How do I print a simple Python statement based on Pandas dataframe?-CodePudding

Date	Train Number	Station 1	Station 2	Equipment Available?
2022-06-16	1111	North	Central	Y
2022-06-20	1111	North	Central	Y
2022-06-01	2222	North	South	Y
2022-06-02	2222	North	South	Y
2022-06-03	2222	North	South	Y
2022-06-04	2222	North	South	Y
2022-06-05	2222	North	South	Y
2022-06-06	2222	North	South	Y
2022-06-07	2222	North	South	Y
2022-06-08	2222	North	South	Y

I have a Pandas dataframe that looks like the one above that is sorted by Train Number and then Date. I would like to print a simple Python statement that says:

"For Train Number 1111 North to Central, we have equipment available on June 16th and June 20th.

For Train Number 2222 North to South, we have equipment available from June 1st to June 8th."

How am I able to do this?????

CodePudding user response：

here is one way to do it. Group by Train, station1, station2, taking both min and max of the dates

Finally printing them out from the resulting df from groupby

df2=df.groupby(['TrainNumber', 'Station1', 'Station2'])['Date'].aggregate([min, max]).reset_index()
for idx, row in df2.iterrows():
    print(f"For Train Number {0} {1} to {2}, we have equipment available on {3} and {4}",row[0],row[1],row[2],row[3],row[4] )
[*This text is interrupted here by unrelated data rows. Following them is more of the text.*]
Theorem lemma2p1 (R : realType) (m l s : nat) (hl : (0 < l)%N)
  (a : 'I_l -> 'rV[R]_m) (alpha : 'I_l -> R)
  (b : 'I_s -> 'rV[R]_m) (beta : 'I_s -> R)
  (zb lamb : 'rV[R]_m)
  (hgph : subdiff (polyg a alpha b beta) zb lamb) :
  exists2 r : R, 0 < r &
    forall (sigma : 'I_l -> R) (tau : 'I_s -> R),
      (forall j, Jact a alpha b beta zb j -> 0 <= sigma j) ->
      (forall i, Iact b beta zb i -> 0 <= tau i) ->
      \sum_(j < l | Jact a alpha b beta zb j) sigma j = 1 ->
      lamb = \sum_(j < l | Jact a alpha b beta zb j) sigma j *: a j
             + \sum_(i < s | Iact b beta zb i) tau i *: b i ->
      forall z lam : 'rV[R]_m,
        subdiff (polyg a alpha b beta) z lam ->
        Num.sqrt (vnorm (z - zb) ^+ 2 + vnorm (lam - lamb) ^+ 2) <= r ->
        (forall j, Jact a alpha b beta zb j -> 0 < sigma j -> Jact a alpha b beta z j) /\
        (forall i, Iact b beta zb i -> 0 < tau i -> Iact b beta z i).
Proof.
have hb := subdiff_subgrad hl hgph.
have [r r0 hr] := near_right0_witness (gap_eq0_near hl hb).
exists r => // sigma tau hsig htau hsum hlam z lam hz hball.
have hz' := subdiff_subgrad hl hz.
have [zr lr] := le_sqrt_sqrD (sqrtr_ge0 _) (sqrtr_ge0 _) hball.
have [dz _] := hz'.
exact (active_of_gap_eq0 hl hb hsig htau hsum hlam dz (hr z lam hz' zr lr)).
Qed.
For Train Number 0 1 to 2, we have equipment available on 3 and 4 1111 North Central 2022-06-16 2022-06-20
For Train Number 0 1 to 2, we have equipment available on 3 and 4 2222 North South 2022-06-01 2022-06-08

CodePudding user response：

You could get the min and max values for each Train's Date with a groupby, dedupe the DataFrame to get the other columns (as they are repeated) and then print the results with some datetime formatting

df.loc[:, 'Date'] = pd.to_datetime(df['Date'])
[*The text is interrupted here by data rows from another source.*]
(* Let $\{X_m\}_{m\ge1}$ and $X$ be real functions on $\Omega$ with $X_m\to X$ q.s., and suppose there is a nonnegative $Y\in\mathbb{L}_b^1$ with $|X_m|\le Y$ for all $m\ge1$. Then $\lim_{m\to\infty}\mathbb{E}[X_m]=\mathbb{E}[X]$.
   Context: $\Omega=\{\omega_i\}_{i\in\mathbb{Z}^+}$ is a countable state space. For each $i$, $\underline f_i,\overline f_i$ are continuous real functions of $(\theta_1,\dots,\theta_{i-1})$ (constants for $i=1$), $\underline f_i$ convex, $\overline f_i$ concave, with $0\le\overline f_i-\underline f_i\le c_i$ where $(c_i)$ is a positive sequence with $\sum_i c_i<\infty$. The domain $\mathcal D=\{(\theta_i)_{i\in\mathbb{Z}^+}: 0\le\theta_i\le1,\ \underline f_i(\theta_1,\dots,\theta_{i-1})\le\theta_i\le\overline f_i(\theta_1,\dots,\theta_{i-1})\ \forall i,\ \sum_i\theta_i=1\}$ is nonempty, convex and compact. $P_\theta(\{\omega_i\})=\theta_i$, $E_\theta[X]=\sum_iX(\omega_i)\theta_i$, and $\mathbb{E}[X]=\sup_{\theta\in\mathcal D}E_\theta[X]$. ''q.s.'' means outside a set $A$ with $\sup_{\theta\in\mathcal D}P_\theta(A)=0$. $\mathbb{L}^1=\{X:\Omega\to\mathbb{R}:\ \mathbb{E}[|X|]<\infty\}$ and $\mathbb{L}_b^1=\{X\in\mathbb{L}^1:\ \lim_{n\to\infty}\mathbb{E}[|X|\mathbf 1_{\{|X|>n\}}]=0\}$. *)

From Stdlib Require Import Reals.
From Coquelicot Require Import Coquelicot.
Open Scope R_scope.

(* The state space Omega = {omega_i} is indexed by nat (0-based: omega_i <-> i).
   A real function on Omega is a map nat -> R; a probability vector theta is nat -> R.
   flo i, fup i : (nat -> R) -> R are the bounds for theta_i; they are required
   (below, in the theorem) to depend only on theta_0, ..., theta_{i-1}. *)

Definition unit_seq (th : nat -> R) : Prop := forall j, 0 <= th j <= 1.

Definition inD (flo fup : nat -> (nat -> R) -> R) (th : nat -> R) : Prop :=
  (forall i, 0 <= th i <= 1) /\
  (forall i, flo i th <= th i <= fup i th) /\
  infinite_sum th 1.

Definition Etheta (th X : nat -> R) : Rbar :=
  Lim_seq (fun n => sum_f_R0 (fun i => X i * th i) n).

Definition sE (flo fup : nat -> (nat -> R) -> R) (X : nat -> R) : Rbar :=
  Rbar_lub (fun r => exists th, inD flo fup th /\ r = Etheta th X).

Definition indic (A : nat -> bool) : nat -> R := fun i => if A i then 1 else 0.

(* quasi-sure: P holds outside a set A with sup_theta P_theta(A) = 0 *)
Definition qs (flo fup : nat -> (nat -> R) -> R) (P : nat -> Prop) : Prop :=
  exists A : nat -> bool,
    sE flo fup (indic A) = Finite 0 /\ (forall i, A i = false -> P i).

Definition absf (X : nat -> R) : nat -> R := fun i => Rabs (X i).

Definition L1 (flo fup : nat -> (nat -> R) -> R) (X : nat -> R) : Prop :=
  Rbar_lt (sE flo fup (absf X)) p_infty.

Definition L1b (flo fup : nat -> (nat -> R) -> R) (X : nat -> R) : Prop :=
  L1 flo fup X /\
  let T := fun n : nat => sE flo fup
       (fun i => if Rlt_dec (INR n) (Rabs (X i)) then Rabs (X i) else 0) in
  (forall n, is_finite (T n)) /\ is_lim_seq (fun n => real (T n)) 0.

Definition depends_on_first (i : nat) (f : (nat -> R) -> R) : Prop :=
  forall th th', (forall j, (j < i)%nat -> th j = th' j) -> f th = f th'.

Definition convex_on_unit (f : (nat -> R) -> R) : Prop :=
  forall th th' t, unit_seq th -> unit_seq th' -> 0 <= t <= 1 ->
    f (fun j => t * th j + (1 - t) * th' j) <= t * f th + (1 - t) * f th'.

Definition concave_on_unit (f : (nat -> R) -> R) : Prop :=
  convex_on_unit (fun th => - f th).

Definition cont_first (i : nat) (f : (nat -> R) -> R) : Prop :=
  forall th, unit_seq th -> forall eps, 0 < eps -> exists delta, 0 < delta /\
    forall th', unit_seq th' -> (forall j, (j < i)%nat -> Rabs (th' j - th j) < delta) ->
      Rabs (f th' - f th) < eps.

Definition setup (flo fup : nat -> (nat -> R) -> R) (c : nat -> R) : Prop :=
  (forall i, depends_on_first i (flo i) /\ depends_on_first i (fup i)) /\
  (forall i, cont_first i (flo i) /\ cont_first i (fup i)) /\
  (forall i, convex_on_unit (flo i) /\ concave_on_unit (fup i)) /\
  (forall i, 0 < c i) /\ ex_series c /\
  (forall i th, unit_seq th -> 0 <= fup i th - flo i th <= c i) /\
  (exists th, inD flo fup th) /\
  (forall th th' t, inD flo fup th -> inD flo fup th' -> 0 <= t <= 1 ->
     inD flo fup (fun j => t * th j + (1 - t) * th' j)) /\
  (* D compact (product topology on [0,1]^N, metrizable: sequential compactness) *)
  (forall s : nat -> nat -> R, (forall n, inD flo fup (s n)) ->
     exists (phi : nat -> nat) (th : nat -> R),
       (forall n, (phi n < phi (S n))%nat) /\ inD flo fup th /\
       forall j, is_lim_seq (fun n => s (phi n) j) (th j)).

From Stdlib Require Import Reals Lra Lia Classical ClassicalEpsilon.
From Coquelicot Require Import Coquelicot.
Open Scope R_scope.

(* Every theta in D puts no mass on the q.s. null set, so all theta-expectations
   below are dominated by E_theta|Y| <= E[|Y|]. Sequential compactness makes D
   tight: one finite block {0, ..., K} carries mass >= 1 - eta under every
   theta in D. On that block X_m -> X uniformly; off it
   |X_m - X| <= 2|Y| <= 2N + 2|Y|1{|Y| > N}, whose theta-expectation is at most
   2N eta + 2E[|Y|1{|Y| > N}], which is small because Y is in L^1_b. Hence
   E_theta[X_m] -> E_theta[X] uniformly over D, and the suprema converge. *)

Lemma sum_f_R0_nonneg_le (a : nat -> R) (m n : nat) :
  (forall i, 0 <= a i) -> (m <= n)%nat -> sum_f_R0 a m <= sum_f_R0 a n.
Proof.
  intros Ha Hmn; induction Hmn as [|n _ IH]; [lra|].
  simpl; specialize (Ha (S n)); lra.
Qed.

Lemma sum_f_R0_le_Lim_seq (a : nat -> R) (n : nat) :
  (forall i, 0 <= a i) -> Rbar_le (sum_f_R0 a n) (Lim_seq (sum_f_R0 a)).
Proof.
  intros Ha; rewrite <- (Lim_seq_const (sum_f_R0 a n)).
  apply Lim_seq_le_loc; exists n; intros k Hk; exact (sum_f_R0_nonneg_le a n k Ha Hk).
Qed.

Lemma Series_nonneg_bounded (a : nat -> R) (B : R) :
  (forall i, 0 <= a i) -> (forall n, sum_f_R0 a n <= B) ->
  ex_series a /\ Series a <= B.
Proof.
  intros Ha HB.
  destruct (ex_finite_lim_seq_incr (sum_f_R0 a) B) as [l Hl]; [|exact HB|].
  { intros n; simpl; specialize (Ha (S n)); lra. }
  assert (Hs : is_series a l) by apply is_series_Reals, is_lim_seq_Reals, Hl.
  split; [exists l; exact Hs|].
  rewrite (is_series_unique _ _ Hs).
  exact (is_lim_seq_le _ _ _ _ HB Hl (is_lim_seq_const B)).
Qed.

Lemma sum_f_R0_le_Series (a : nat -> R) (n : nat) :
  (forall i, 0 <= a i) -> ex_series a -> sum_f_R0 a n <= Series a.
Proof.
  intros Ha Hex; apply sum_incr; [|exact Ha].
  apply is_series_Reals, Series_correct, Hex.
Qed.

Lemma Etheta_Series th U :
  ex_series (fun i => U i * th i) -> Etheta th U = Series (fun i => U i * th i).
Proof.
  intros Hex; apply is_lim_seq_unique, is_lim_seq_Reals, is_series_Reals, Series_correct, Hex.
Qed.

Lemma Series_dominated (a b : nat -> R) :
  (forall i, Rabs (a i) <= b i) -> ex_series b ->
  ex_series a /\ Rabs (Series a) <= Series b.
Proof.
  intros Hab Hb.
  assert (Habs : ex_series (fun i => Rabs (a i))).
  { apply (@ex_series_le R_AbsRing R_CompleteNormedModule _ b); [|exact Hb].
    intros i; change (Rabs (Rabs (a i)) <= b i); rewrite Rabs_Rabsolu; apply Hab. }
  split; [exact (ex_series_Rabs _ Habs)|].
  eapply Rle_trans; [exact (Series_Rabs _ Habs)|].
  apply Series_le; [|exact Hb]. intros i; split; [apply Rabs_pos | apply Hab].
Qed.

Lemma Series_dist_le (a b : nat -> R) (eps : R) :
  ex_series a -> ex_series b ->
  (forall n, sum_f_R0 (fun i => Rabs (a i - b i)) n <= eps) ->
  Rabs (Series a - Series b) <= eps.
Proof.
  intros Ha Hb Hd; rewrite <- Series_minus by assumption.
  destruct (Series_nonneg_bounded _ eps (fun i => Rabs_pos _) Hd) as [Hex Hle].
  eapply Rle_trans; [exact (Series_Rabs _ Hex) | exact Hle].
Qed.

Lemma is_lim_seq_sum_f_R0 (u : nat -> nat -> R) (v : nat -> R) :
  (forall i, is_lim_seq (fun k => u k i) (v i)) ->
  forall n, is_lim_seq (fun k => sum_f_R0 (u k) n) (sum_f_R0 v n).
Proof.
  intros H n; induction n as [|n IH]; [apply H|].
  exact (is_lim_seq_plus' _ _ _ _ IH (H (S n))).
Qed.

Lemma is_lim_seq_uniform_finite (P : nat -> Prop) (u : nat -> nat -> R) (v : nat -> R) :
  (forall i, P i -> is_lim_seq (fun m => u m i) (v i)) ->
  forall e, 0 < e -> forall K, exists M, forall m, (M <= m)%nat ->
    forall i, (i < K)%nat -> P i -> Rabs (u m i - v i) < e.
Proof.
  intros H e He K; induction K as [|K [M HM]].
  { exists 0%nat; intros; lia. }
  destruct (classic (P K)) as [HK|HK].
  - pose proof (proj2 (is_lim_seq_spec _ _) (H K HK) (mkposreal e He)) as [M' HM'].
    exists (Nat.max M M'); intros m Hm i Hi HPi.
    destruct (Nat.eq_dec i K) as [->|]; [apply HM'; lia | apply HM; [lia|lia|exact HPi]].
  - exists M; intros m Hm i Hi HPi.
    destruct (Nat.eq_dec i K) as [->|]; [contradiction | apply HM; [lia|lia|exact HPi]].
Qed.

Lemma strict_incr_ge (phi : nat -> nat) :
  (forall n, (phi n < phi (S n))%nat) -> forall n, (n <= phi n)%nat.
Proof. intros H n; induction n as [|n IH]; [lia | specialize (H n); lia]. Qed.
g = df.groupby(['Train Number']).agg(date_min=pd.NamedAgg(column='Date', aggfunc='min'), date_max=pd.NamedAgg(column='Date', aggfunc='max'))
g = g.join(df_deduped, how='inner')

df_deduped = df.loc[:, 'Train Number':].drop_duplicates().set_index('Train Number')

for index, values in g.reset_index().iterrows():
    print(f'For Train Number {values["Train Number"]}, {values["Station 1"]} to {values["Station 2"]}, we have equipment available from {values["date_min"].strftime("%b %d")} to {values["date_max"].strftime("%b %d")}')

The output is -

For Train Number 1111, North to Central, we have equipment available from Jun 16 to Jun 20
For Train Number 2222, North to South, we have equipment available from Jun 01 to Jun 08

CodePudding user response：

I've made a little function which you can call on whatever df you want.
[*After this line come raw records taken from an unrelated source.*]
(* Fix $R>0$. Then $E_{\mathcal A}(n,R)$ and $E_{\mathcal D}(n,R)$ are defined for all sufficiently large $n$, and: 1. If $R\ge1$, then $\lim_{n\to\infty}E_{\mathcal A}(n,R)=\frac{(2R-1)(R+1)}{2R^2}$ and $\lim_{n\to\infty}E_{\mathcal D}(n,R)=\frac{R+1}{2R}$. 2. If $R\le1$, then $\lim_{n\to\infty}E_{\mathcal A}(n,R)=\frac{R+1}{2}$ and $\lim_{n\to\infty}E_{\mathcal D}(n,R)=\frac{(2-R)(R+1)}{2}$.
   Context: For $x,y>0$, $\mathrm{less}(x,y)=y(\lceil x/y\rceil-1)$ and $\mathrm{less}(x)=\mathrm{less}(x,1)$. For positive integers $n$ with $\frac1n<R\le n$, let $\ell_1=\mathrm{less}(2n-\frac2R+1)$ and $\ell_2=\min\{n,\lfloor n/R\rfloor\}$. For $\ell=1,\dots,n$, let $R_\ell=\mathrm{less}(R,\frac{2}{\ell(\ell+1)})$ and $f(\ell)=n-\ell+\frac{\ell(\ell+1)R_\ell}{2n}$. Let $\mathrm{equilibrium}(n,R)=\ell_1/n$ if $\frac1n<R\le\frac2{n+1}$, and $\mathrm{equilibrium}(n,R)=f(\ell_2)$ if $\frac2{n+1}<R\le n$. This is the optimal expected number of objects won by the adversary bidder, of budget $R\beta$, against the disadvantaged bidder, of budget $\beta$, in the two-bidder position-randomized auction with $n$ objects. Define the effective winning ratios $$E_{\mathcal A}(n,R)=\frac{\mathrm{equilibrium}(n,R)}{nR/(R+1)},\qquad E_{\mathcal D}(n,R)=\frac{n-\mathrm{equilibrium}(n,R)}{n/(R+1)}.$$ *)

From HB Require Import structures.
From mathcomp Require Import all_boot all_order all_algebra.
From mathcomp Require Import all_classical all_reals all_analysis.
Set Implicit Arguments. Unset Strict Implicit. Unset Printing Implicit Defensive.
Import Order.TTheory GRing.Theory Num.Theory.
Local Open Scope ring_scope.

Section Defs.
Variable K : realType.

Definition less2 (x y : K) : K := y * ((Num.ceil (x / y))%:~R - 1).
Definition less1 (x : K) : K := less2 x 1.

Definition ell1 (n : nat) (R : K) : K := less1 (2 * n%:R - 2 / R + 1).
Definition ell2 (n : nat) (R : K) : K :=
  Num.min (n%:R) ((Num.floor (n%:R / R))%:~R).
Definition Rl (R l : K) : K := less2 R (2 / (l * (l + 1))).
Definition fl (n : nat) (R l : K) : K :=
  n%:R - l + l * (l + 1) * Rl R l / (2 * n%:R).

(* meaningful for 1/n < R <= n *)
Definition equilibrium (n : nat) (R : K) : K :=
  if R <= 2 / (n%:R + 1) then ell1 n R / n%:R else fl n R (ell2 n R).

Definition EA (n : nat) (R : K) : K := equilibrium n R / (n%:R * R / (R + 1)).
Definition ED (n : nat) (R : K) : K := (n%:R - equilibrium n R) / (n%:R / (R + 1)).
End Defs.

From mathcomp Require Import all_boot all_order all_algebra.
From mathcomp Require Import all_classical all_reals all_analysis.
From mathcomp Require Import ring lra.
Import Order.TTheory GRing.Theory Num.Theory numFieldNormedType.Exports.
Local Open Scope classical_set_scope.
Local Open Scope ring_scope.

(* For large n the equilibrium is f(l2), and since R_l lies in
   [R - 2/(l(l+1)), R), f(l) equals n - l + l(l+1)R/(2n) up to 1/n.
   For R >= 1 we have l2 = floor(n/R), and this main term exceeds
   (1 - 1/(2R)) n by ((n - lR)^2 + lR^2)/(2nR), which is bounded since
   0 <= n - lR < R; for R <= 1 we have l2 = n and it equals Rn/2 + R/2.
   So the equilibrium is linear in n up to a bounded error, hence
   equilibrium/n converges, and the limits of E_A and E_D follow. *)

Section Equilibrium.
Variable K : realType.

Lemma less2_bounds (x y : K) : 0 < y -> x - y <= less2 x y < x.
Proof.
move=> y0; rewrite /less2.
have c_ge : x / y <= (Num.ceil (x / y))%:~R := ceil_ge _.
have c_lt : (Num.ceil (x / y))%:~R - 1 < x / y.
  by have := ceilB1_lt (x / y); rewrite rmorphB.
set c := (Num.ceil _)%:~R in c_ge c_lt *; set t := x / y in c_ge c_lt.
have -> : x = y * t by rewrite /t mulrC divfK ?gt_eqF.
apply/andP; split; nra.
Qed.

Lemma fl_approx (n : nat) (R l : K) : (0 < n)%N -> 0 < l ->
  `|fl n R l - (n%:R - l + l * (l + 1) * R / (2 * n%:R))| <= n%:R^-1.
Proof.
move=> n0 l0; have N0 : 0 < n%:R :> K by rewrite ltr0n.
have l1 : 0 < l + 1 by rewrite addr_gt0.
have ll0 : 0 < l * (l + 1) by rewrite mulr_gt0.
have /andP[Q_ge Q_lt] := less2_bounds R _ (divr_gt0 (ltr0n K 2) ll0).
rewrite /fl /Rl; set Q := less2 _ _ in Q_ge Q_lt *.
have -> : n%:R - l + l * (l + 1) * Q / (2 * n%:R)
          - (n%:R - l + l * (l + 1) * R / (2 * n%:R))
        = - (l * (l + 1) * (R - Q)) / (2 * n%:R) by field; rewrite gt_eqF.
have gap : l * (l + 1) * (R - Q) <= 2.
  have <- : l * (l + 1) * (2 / (l * (l + 1))) = 2 by field; rewrite ?gt_eqF.
  by rewrite ler_pM2l //; lra.
rewrite normrM normrN normfV ger0_norm; last by nra.
rewrite gtr0_norm ?mulr_gt0 // ler_pdivrMr ?mulr_gt0 //.
by rewrite mulrCA mulVf ?gt_eqF ?mulr1.
Qed.

Lemma equilibriumE (n : nat) (R : K) : 0 < R -> 2 <= R * n%:R ->
  equilibrium n R = fl n R (ell2 n R).
Proof.
move=> R0 nR; rewrite /equilibrium ifF //; apply/negbTE.
by rewrite -ltNge ltr_pdivrMr ?ltr_wpDl //; nra.
Qed.

Lemma ell2_floor (n : nat) (R : K) : 1 <= R ->
  ell2 n R = (Num.floor (n%:R / R))%:~R.
Proof.
move=> R1; apply: min_r; apply: (le_trans (floor_le _)).
have := ler0n K n; rewrite ler_pdivrMr; nra.
Qed.

Lemma ell2_id (n : nat) (R : K) : 0 < R -> R <= 1 -> ell2 n R = n%:R.
Proof.
move=> R0 R1; apply: min_l.
have -> : n%:R = (n%:Z)%:~R :> K by [].
have n_ge0 : 0 <= (n%:Z)%:~R :> K by rewrite ler0z.
by rewrite ler_int floor_ge_int ler_pdivlMr //; nra.
Qed.

Lemma equilibrium_dev_ge1 (n : nat) (R : K) : 1 <= R -> R + 2 <= n%:R ->
  `|equilibrium n R - (1 - 1 / (2 * R)) * n%:R| <= R + 2.
Proof.
move=> R1 hn; have R0 : 0 < R by lra.
have N0 : 0 < n%:R :> K by lra.
have n_pos : (0 < n)%N by rewrite -(ltr0n K).
rewrite equilibriumE ?ell2_floor //; last by nra.
set l := (Num.floor _)%:~R.
have l_le : l * R <= n%:R by rewrite -ler_pdivlMr // floor_le.
have l_gt : n%:R < (l + 1) * R.
  by rewrite -ltr_pdivrMr //; have := floorD1_gt (n%:R / R); rewrite rmorphD.
have l0 : 0 < l by nra.
set main := n%:R - l + l * (l + 1) * R / (2 * n%:R).
have fl_main : `|fl n R l - main| <= 1.
  by apply: (le_trans (fl_approx _ R _ n_pos l0)); rewrite invf_le1 // ler1n.
have main_dev : `|main - (1 - 1 / (2 * R)) * n%:R| <= R + 1.
  have -> : main - (1 - 1 / (2 * R)) * n%:R
          = ((n%:R - l * R) ^+ 2 + l * R ^+ 2) / (2 * n%:R * R).
    by rewrite /main; field; rewrite !gt_eqF.
  rewrite ger0_norm ?divr_ge0 ?ler_pdivrMr; nra.
by apply: (le_trans (ler_distD main _ _)); lra.
Qed.

Lemma equilibrium_dev_le1 (n : nat) (R : K) : 0 < R -> R <= 1 -> 2 / R <= n%:R ->
  `|equilibrium n R - R / 2 * n%:R| <= 2.
Proof.
move=> R0 R1 hn; have nR : 2 <= R * n%:R by rewrite mulrC -ler_pdivrMr.
have N0 : 0 < n%:R :> K by nra.
have n_pos : (0 < n)%N by rewrite -(ltr0n K).
rewrite equilibriumE // ell2_id //.
have main_eq : n%:R - n%:R + n%:R * (n%:R + 1) * R / (2 * n%:R)
               = R / 2 * n%:R + R / 2 by field; rewrite gt_eqF.
have fl_main : `|fl n R n%:R - (R / 2 * n%:R + R / 2)| <= 1.
  rewrite -main_eq; apply: (le_trans (fl_approx _ R _ n_pos N0)).
  by rewrite invf_le1 // ler1n.
apply: (le_trans (ler_distD (R / 2 * n%:R + R / 2) _ _)).
have -> : R / 2 * n%:R + R / 2 - R / 2 * n%:R = R / 2 by ring.
by rewrite [`|R / 2|]ger0_norm; lra.
Qed.

End Equilibrium.

Lemma cvg_ratio_of_bounded_dev (K : realType) (u : nat -> K) (L C : K) :
  (\forall n \near \oo, `|u n - L * n%:R| <= C) -> u n / n%:R @[n --> \oo] --> L.
Proof.
move=> dev; apply/cvgrPdist_le => e e0; near=> n.
have n_big : `|C| / e + 1 <= n%:R by near: n; exact: nbhs_infty_ger.
have dev_n : `|u n - L * n%:R| <= C by near: n.
have Ce : 0 <= `|C| / e by rewrite divr_ge0 // ltW.
have N0 : 0 < n%:R :> K by lra.
have -> : L - u n / n%:R = - (u n - L * n%:R) / n%:R by field; rewrite gt_eqF.
rewrite normrM normrN normfV (gtr0_norm N0) ler_pdivrMr //.
apply: (le_trans dev_n); apply: (le_trans (ler_norm C)).
by rewrite mulrC -ler_pdivrMr //; lra.
Unshelve. all: by end_near.
Qed.

Lemma EA_ED_cvg (K : realType) (R L C A D : K) :
  A = L * ((R + 1) / R) -> D = (1 - L) * (R + 1) ->
  (\forall n \near \oo, `|equilibrium n R - L * n%:R| <= C) ->
  EA n R @[n --> \oo] --> A /\ ED n R @[n --> \oo] --> D.
Proof.
move=> -> -> dev; split.
  have -> : (fun n => EA n R) = (fun n => equilibrium n R / n%:R * ((R + 1) / R)).
    by apply: funext => n; rewrite /EA !invfM invrK; ring.
  by apply: cvgMr_tmp; apply: cvg_ratio_of_bounded_dev dev.
have -> : (fun n => ED n R) = (fun n => (n%:R - equilibrium n R) / n%:R * (R + 1)).
  by apply: funext => n; rewrite /ED !invfM invrK; ring.
apply: cvgMr_tmp; apply: (@cvg_ratio_of_bounded_dev _ _ _ C).
apply: filterS dev => n; rewrite -normrN; congr (`|_| <= _); ring.
Qed.

Theorem corollary1 (K : realType) (R : K) (hR : 0 < R) :
  (\forall n \near \oo, 1 / (n%:R : K) < R <= n%:R) /\
  (1 <= R ->
     EA n R @[n --> \oo] --> ((2 * R - 1) * (R + 1) / (2 * R ^+ 2) : K) /\
     ED n R @[n --> \oo] --> ((R + 1) / (2 * R) : K)) /\
  (R <= 1 ->
     EA n R @[n --> \oo] --> ((R + 1) / 2 : K) /\
     ED n R @[n --> \oo] --> ((2 - R) * (R + 1) / 2 : K)).
Proof.
have R2 : 0 < 2 / R by rewrite divr_gt0.
have big := nbhs_infty_ger (R + 2 + 2 / R).
split.
  apply: filterS big => n hn; have N0 : 0 < n%:R :> K by lra.
  rewrite ltr_pdivrMr // mulrC -ltr_pdivrMr // (_ : 1 / R = 2 / R / 2); lra.
split => R1.
  apply: (@EA_ED_cvg K R (1 - 1 / (2 * R)) (R + 2)); try by field; rewrite ?gt_eqF.
  by apply: filterS big => n hn; apply: equilibrium_dev_ge1 => //; lra.
apply: (@EA_ED_cvg K R (R / 2) 2); try by field; rewrite ?gt_eqF.
by apply: filterS big => n hn; apply: equilibrium_dev_le1 => //; lra.
Qed.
I find this solution more readable and flexible for further requests.

def equip_avail(df):
  for i in df['Train Number'].unique():
    date_start = df.Date.loc[(df['Train Number']==i)].min()
    date_end = df.Date.loc[(df['Train Number']==i)].max()
    from_start = df.Station1.loc[(df['Train Number']==i)].values[0]
    to_end = df.Station2.loc[(df['Train Number']==i)].values[0]
    print(f'For Train Number {i} {from_start} to {to_end}, we have equipment available from {date_start} to {date_end}.')

Then you call it like this:

equip_avail(df)

Result:

For Train Number 1111 North to Central, we have equipment available from 2022-06-16 to 2022-06-20.
For Train Number 2222 North to South, we have equipment available from 2022-06-01 to 2022-06-08.